Sur place, comme c'est le cas lors de chaque événement sur la voie publique, un poste de commandement a été mis en place: une sorte de tour de contrôle associant les services de l'État, les forces de l'ordre, les pompiers et les secours, où la surveillance se fait et où les décisions sont prises.

"L’ensemble du dispositif se fait sous mon autorité, rappelle sur BFMTV la préfète des Deux-Sèvres Emmanuelle Dubée. L’ensemble des décisions prises le sont par moi ou sous mon autorité."

"Nous attendons pour intervenir"

"On est dans une surface très vaste, au milieu des champs, avec des milliers de personnes, le tout dans un contexte où les violences n’ont pas vraiment cessé ou qui reprennent, où les groupes de blacks blocs très nombreux se déplacent très vite, et où donc les conditions d’intervention pour les secours ne sont pas sûres", poursuit la représentante de l'État. "Il n’y avait pas l’autorisation d’intervenir parce qu’il n’y avait pas de garanties que les secours puissent se faire de façon efficace et sûre", appuie-t-elle.

"Il y a des zones où on discute de savoir si on y va ou pas", abonde le chef du Samu des Deux-Sèvres interrogés par BFMTV.

"Nous attendons l'ordre du préfet et de la police pour intervenir", confirme à BFMTV.com Patrick Pelloux, président des médecins urgentistes de France. Pour lui, le déroulement de l'intervention des secours auprès de ce manifestant à Sainte-Soline est "complètement banal".

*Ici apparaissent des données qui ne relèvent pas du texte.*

Lemma mx2E (X : 'M[R]_2) : X = mx2 (X 0 0) (X 0 1) (X 1 0) (X 1 1).
Proof.
apply/matrixP => i j; rewrite mxE.
by case: i => [[|[|//]] ?]; case: j => [[|[|//]] ?]; congr (X _ _); apply: val_inj.
Qed.

Lemma eq_mx2 (X Y : 'M[R]_2) :
  X 0 0 = Y 0 0 -> X 0 1 = Y 0 1 -> X 1 0 = Y 1 0 -> X 1 1 = Y 1 1 -> X = Y.
Proof. by move=> e00 e01 e10 e11; rewrite (mx2E X) (mx2E Y) e00 e01 e10 e11. Qed.

Lemma mulmx2 a b c d a' b' c' d' :
  mx2 a b c d * mx2 a' b' c' d' =
  mx2 (a * a' + b * c') (a * b' + b * d') (c * a' + d * c') (c * b' + d * d').
Proof. by apply: eq_mx2; rewrite !mxE !big_ord_recl big_ord0 !mxE /= !addr0. Qed.

Lemma addmx2 a b c d a' b' c' d' :
  mx2 a b c d + mx2 a' b' c' d' = mx2 (a + a') (b + b') (c + c') (d + d').
Proof. by apply: eq_mx2; rewrite !mxE. Qed.

Lemma oppmx2 a b c d : - mx2 a b c d = mx2 (- a) (- b) (- c) (- d).
Proof. by apply: eq_mx2; rewrite !mxE. Qed.

Lemma submx2 a b c d a' b' c' d' :
  mx2 a b c d - mx2 a' b' c' d' = mx2 (a - a') (b - b') (c - c') (d - d').
Proof. by rewrite oppmx2 addmx2. Qed.

Lemma scalar_mx2 x : x%:M = mx2 x 0 0 x.
Proof. by apply: eq_mx2; rewrite !mxE. Qed.

Lemma mxtrace_mx2 a b c d : \tr (mx2 a b c d) = a + d.
Proof. by rewrite /mxtrace !big_ord_recl big_ord0 !mxE /= addr0. Qed.

Lemma mx2_0 : 0 = mx2 0 0 0 0 :> 'M[R]_2.
Proof. by apply: eq_mx2; rewrite !mxE. Qed.

Definition det2 (X : 'M[R]_2) : R := X 0 0 * X 1 1 - X 0 1 * X 1 0.

Definition adj2 (X : 'M[R]_2) : 'M[R]_2 := mx2 (X 1 1) (- X 0 1) (- X 1 0) (X 0 0).

Lemma adj2E (X : 'M[R]_2) : adj2 X = (\tr X)%:M - X.
Proof.
rewrite [in RHS](mx2E X) mxtrace_mx2 scalar_mx2 submx2.
by rewrite addrK addrC addKr !sub0r.
Qed.

End Matrix2.

Definition nilpotent_entries (R : nzRingType) m n (X : 'M[R]_(m, n)) :=
  forall i j, nilpotent (X i j).

Section NilpotentEntries.
Variable R : nzRingType.
Hypothesis tpR : two_primal R.
Implicit Types a b c d : R.

Lemma nilpotent_entriesD m n (X Y : 'M[R]_(m, n)) :
  nilpotent_entries X -> nilpotent_entries Y -> nilpotent_entries (X + Y).
Proof. by move=> nX nY i j; rewrite mxE; apply: nilpotentD. Qed.

Lemma nilpotent_entriesN m n (X : 'M[R]_(m, n)) :
  nilpotent_entries X -> nilpotent_entries (- X).
Proof. by move=> nX i j; rewrite mxE; apply: nilpotentN. Qed.

Lemma nilpotent_entriesMl m n p (X : 'M[R]_(m, n)) (Y : 'M[R]_(n, p)) :
  nilpotent_entries Y -> nilpotent_entries (X *m Y).
Proof.
move=> nY i j; rewrite mxE; apply: (big_ind _ (nilpotent0 _)) => [|k _].
  exact: nilpotentD.
exact: nilpotentMl.
Qed.

Lemma nilpotent_entriesMr m n p (X : 'M[R]_(m, n)) (Y : 'M[R]_(n, p)) :
  nilpotent_entries X -> nilpotent_entries (X *m Y).
Proof.
move=> nX i j; rewrite mxE; apply: (big_ind _ (nilpotent0 _)) => [|k _].
  exact: nilpotentD.
exact: nilpotentMr.
Qed.

Lemma nilpotent_entries_scalar n x : nilpotent x -> nilpotent_entries (x%:M : 'M[R]_n).
Proof. by move=> nx i j; rewrite mxE; case: (i == j); [|apply: nilpotent0]. Qed.

Lemma nilpotent_entries_mx2 a b c d : nilpotent a -> nilpotent b ->
  nilpotent c -> nilpotent d -> nilpotent_entries (mx2 a b c d).
Proof. by move=> na nb nc nd [[|[|//]] ?] [[|[|//]] ?]; rewrite mxE. Qed.

End NilpotentEntries.

Section PrimeIdealsMatrix2.
Variable R : nzRingType.
Implicit Types (a b c d x : R) (P : set 'M[R]_2).

Lemma mx2_corner_mul a x :
  mx2 a 0 0 0 * mx2 x 0 0 0 = mx2 (a * x) 0 0 0.
Proof. by rewrite mulmx2 !(mul0r, mulr0, addr0). Qed.

Lemma ideal_mx2 P a b c d : ideal P ->
  P (mx2 a 0 0 0) -> P (mx2 b 0 0 0) -> P (mx2 c 0 0 0) -> P (mx2 d 0 0 0) ->
  P (mx2 a b c d).
Proof.
move=> idP Pa Pb Pc Pd.
have -> : mx2 a b c d = mx2 a 0 0 0 + mx2 b 0 0 0 * mx2 0 1 0 0
    + mx2 0 0 1 0 * mx2 c 0 0 0 + mx2 0 0 1 0 * mx2 d 0 0 0 * mx2 0 1 0 0.
  by rewrite !mulmx2 !addmx2 !(mul0r, mulr0, mul1r, mulr1, addr0, add0r).
apply: (idealD idP); last by apply: (idealMr idP); apply: (idealMl idP).
apply: (idealD idP); last exact: (idealMl idP).
by apply: (idealD idP) => //; apply: (idealMr idP).
Qed.

Lemma prime_ideal_corner P : prime_ideal P -> prime_ideal (fun x => P (mx2 x 0 0 0)).
Proof.
case=> idP [P1 Pprime]; split; first split; first split.
- by rewrite -mx2_0; apply: (ideal0 idP).
- split=> [x y Px Py | r x Px]; first by rewrite -[0]subr0 -submx2; apply: (idealB idP).
  by rewrite -mx2_corner_mul; apply: (idealMl idP).
- by move=> r x Px; rewrite -mx2_corner_mul; apply: (idealMr idP).
split=> [P11 | x y Pxy].
  apply: P1; rewrite (scalar_mx2 1 : 1 = _).
  by apply: ideal_mx2 => //; rewrite -mx2_0; apply: (ideal0 idP).
apply: Pprime => X; rewrite (mx2E X) !mulmx2 !(mul0r, mulr0, addr0).
exact: Pxy.
Qed.

Lemma nilpotent_of_entries (X : 'M[R]_2) : two_primal R ->
  nilpotent_entries X -> nilpotent X.
Proof.
move=> tpR nX; apply: prime_radical_nilpotent => P PP; rewrite (mx2E X).
have corner i j : P (mx2 (X i j) 0 0 0).
  exact: (proj2 (tpR _) (nX i j) _ (prime_ideal_corner PP)).
by apply: ideal_mx2; [case: PP|..].
Qed.

End PrimeIdealsMatrix2.

Section Adjugate2.
Variable R : nzRingType.
Hypotheses (tpR : two_primal R) (commR : forall x y : R, nilpotent (x * y - y * x)).
Implicit Types X : 'M[R]_2.

Lemma nilpotent_entries_mul_adj2 X : nilpotent_entries (X * adj2 X - (det2 X)%:M).
Proof.
rewrite /adj2 /det2 {1}(mx2E X) scalar_mx2 mulmx2 submx2.
apply: nilpotent_entries_mx2 => //.
- by rewrite mulrN subrr; apply: nilpotent0.
- by rewrite mulrN subr0 addrC.
- by rewrite mulrN subr0.
- by rewrite mulrN opprB addrACA (addrC (- _)); apply: nilpotentD.
Qed.

Lemma nilpotent_entries_adj2_mul X : nilpotent_entries (adj2 X * X - (det2 X)%:M).
Proof.
rewrite /adj2 /det2 {5}(mx2E X) scalar_mx2 mulmx2 submx2.
apply: nilpotent_entries_mx2 => //.
- by rewrite mulNr opprB addrA subrK.
- by rewrite mulNr subr0.
- by rewrite mulNr subr0 addrC.
- by rewrite mulNr opprB addrACA subrr addr0 addrC.
Qed.

Lemma invertible_det2 X : invertible (det2 X) -> invertible X.
Proof.
case=> u [du ud].
apply: (@invertible_mod_nilpotent _ X (adj2 X * u%:M) (u%:M * adj2 X));
  apply: nilpotent_of_entries => //.
- rewrite -[1](rmorph1 (@scalar_mx R 2)) -du rmorphM mulrA -mulrBl.
  exact/nilpotent_entriesMr/nilpotent_entries_mul_adj2.
- rewrite -[1](rmorph1 (@scalar_mx R 2)) -ud rmorphM -mulrA -mulrBr.
  exact/nilpotent_entriesMl/nilpotent_entries_adj2_mul.
Qed.

Lemma nilpotent_sqr_sub X eps : nilpotent (det2 X) -> nilpotent (\tr X - eps) ->
  nilpotent (X * X - X * eps%:M).
Proof.
move=> ndet ntr; apply: nilpotent_of_entries => //.
have -> : X * X - X * eps%:M = (X * X - X * (\tr X)%:M + (det2 X)%:M)
                             + (X * (\tr X - eps)%:M - (det2 X)%:M).
  by rewrite [(_ - eps)%:M]rmorphB mulrBr addrACA subrr addr0 addrA subrK.
apply: nilpotent_entriesD => //.
  have -> : X * X - X * (\tr X)%:M + (det2 X)%:M = - (X * adj2 X - (det2 X)%:M).
    by rewrite adj2E mulrBr !opprB addrC.
  exact/nilpotent_entriesN/nilpotent_entries_mul_adj2.
apply: nilpotent_entriesD => //.
  exact/nilpotent_entriesMl/nilpotent_entries_scalar.
exact/nilpotent_entriesN/nilpotent_entries_scalar.
Qed.

End Adjugate2.

Theorem theorem2p38 (R : nzRingType) :
  two_primal R -> local_ring R -> strongly_weakly_nil_clean_ring R ->
  GSWNC ('M[R]_2 : nzRingType).
Proof.
move=> tpR locR swR X nX.
have commR := nilpotent_commutator tpR locR swR.
have ndet : nilpotent (det2 X).
  apply: contrapT => ndet; apply/nX/(invertible_det2 tpR commR).
  exact: local_swnc_invertible.
have CH := nilpotent_sqr_sub tpR commR ndet.
apply: swnc_quadratic.
case: (local_swnc_trichotomy locR swR (\tr X)) => [n0|n1|nN1].
- by constructor 1; move: (CH 0); rewrite subr0 rmorph0 mulr0 subr0; apply.
- by constructor 2; move: (CH 1); rewrite rmorph1 mulr1; apply.
- by constructor 3; move: (CH (-1)); rewrite opprK rmorphN1 mulrN1 opprK; apply.
Qed.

Lors de violences ou de danger imminent, une zone d'exclusion est mise en place pour éviter que les équipes de secours se mettent en danger. "Nous attendons que les choses soient calmes pour intervenir", explique l'urgentiste assurant que pour certains manifestants violents "les secours, c'est l'État". "Donc ils s'en prennent aussi à nous", poursuit-il. À Rennes, par exemple, lors de la manifestation du 28 mars, les pompiers ont été empêchés d'intervenir par des manifestants hostiles, comme le relate Ouest-France.

Deux enquêtes en cours

Cette prudence dans les interventions tient à garantir la sécurité des équipes de secours. Elle tient aussi à prévenir tout drame supplémentaire. "Imaginez si un cocktail Molotov venait à atteindre une ambulance avec, à l'intérieur, des bouteilles d'oxygène, ça exploserait, détaille le Dr Pelloux. On ne doit pas exposer à ce risque les personnels et les victimes."

Le débat existe toutefois au sein de la profession entre ceux qui appellent à la prudence et "ceux qui disent qu'il faut intervenir coûte que coûte", explique l'urgentiste. La question s'était déjà posée lors des attentats du 13-Novembre au sujet de l'intervention des secours au Bataclan. Ce soir-là, les secours avaient pu entrer dans la salle de concert 2h40 après le début de l'attaque.

Les familles de deux manifestants gravement blessés ont porté plainte ce mercredi pour "tentative de meurtre" et "entrave aux secours", visant ainsi l'action de l'État. La veille déjà, deux enquêtes ont été ouvertes par le parquet de Rennes pour "violences par personne dépositaire de l'autorité publique" et pour "non-assistance à personne en péril".

Les investigations ont été confiées à l'Inspection générale de la gendarmerie nationale. Elles doivent notamment, à travers les témoignages, les vidéos et les enregistrements, établir les conditions d'évacuation et la prise en charge médicale des blessés pour établir ou non d'éventuelles responsabilités pénales.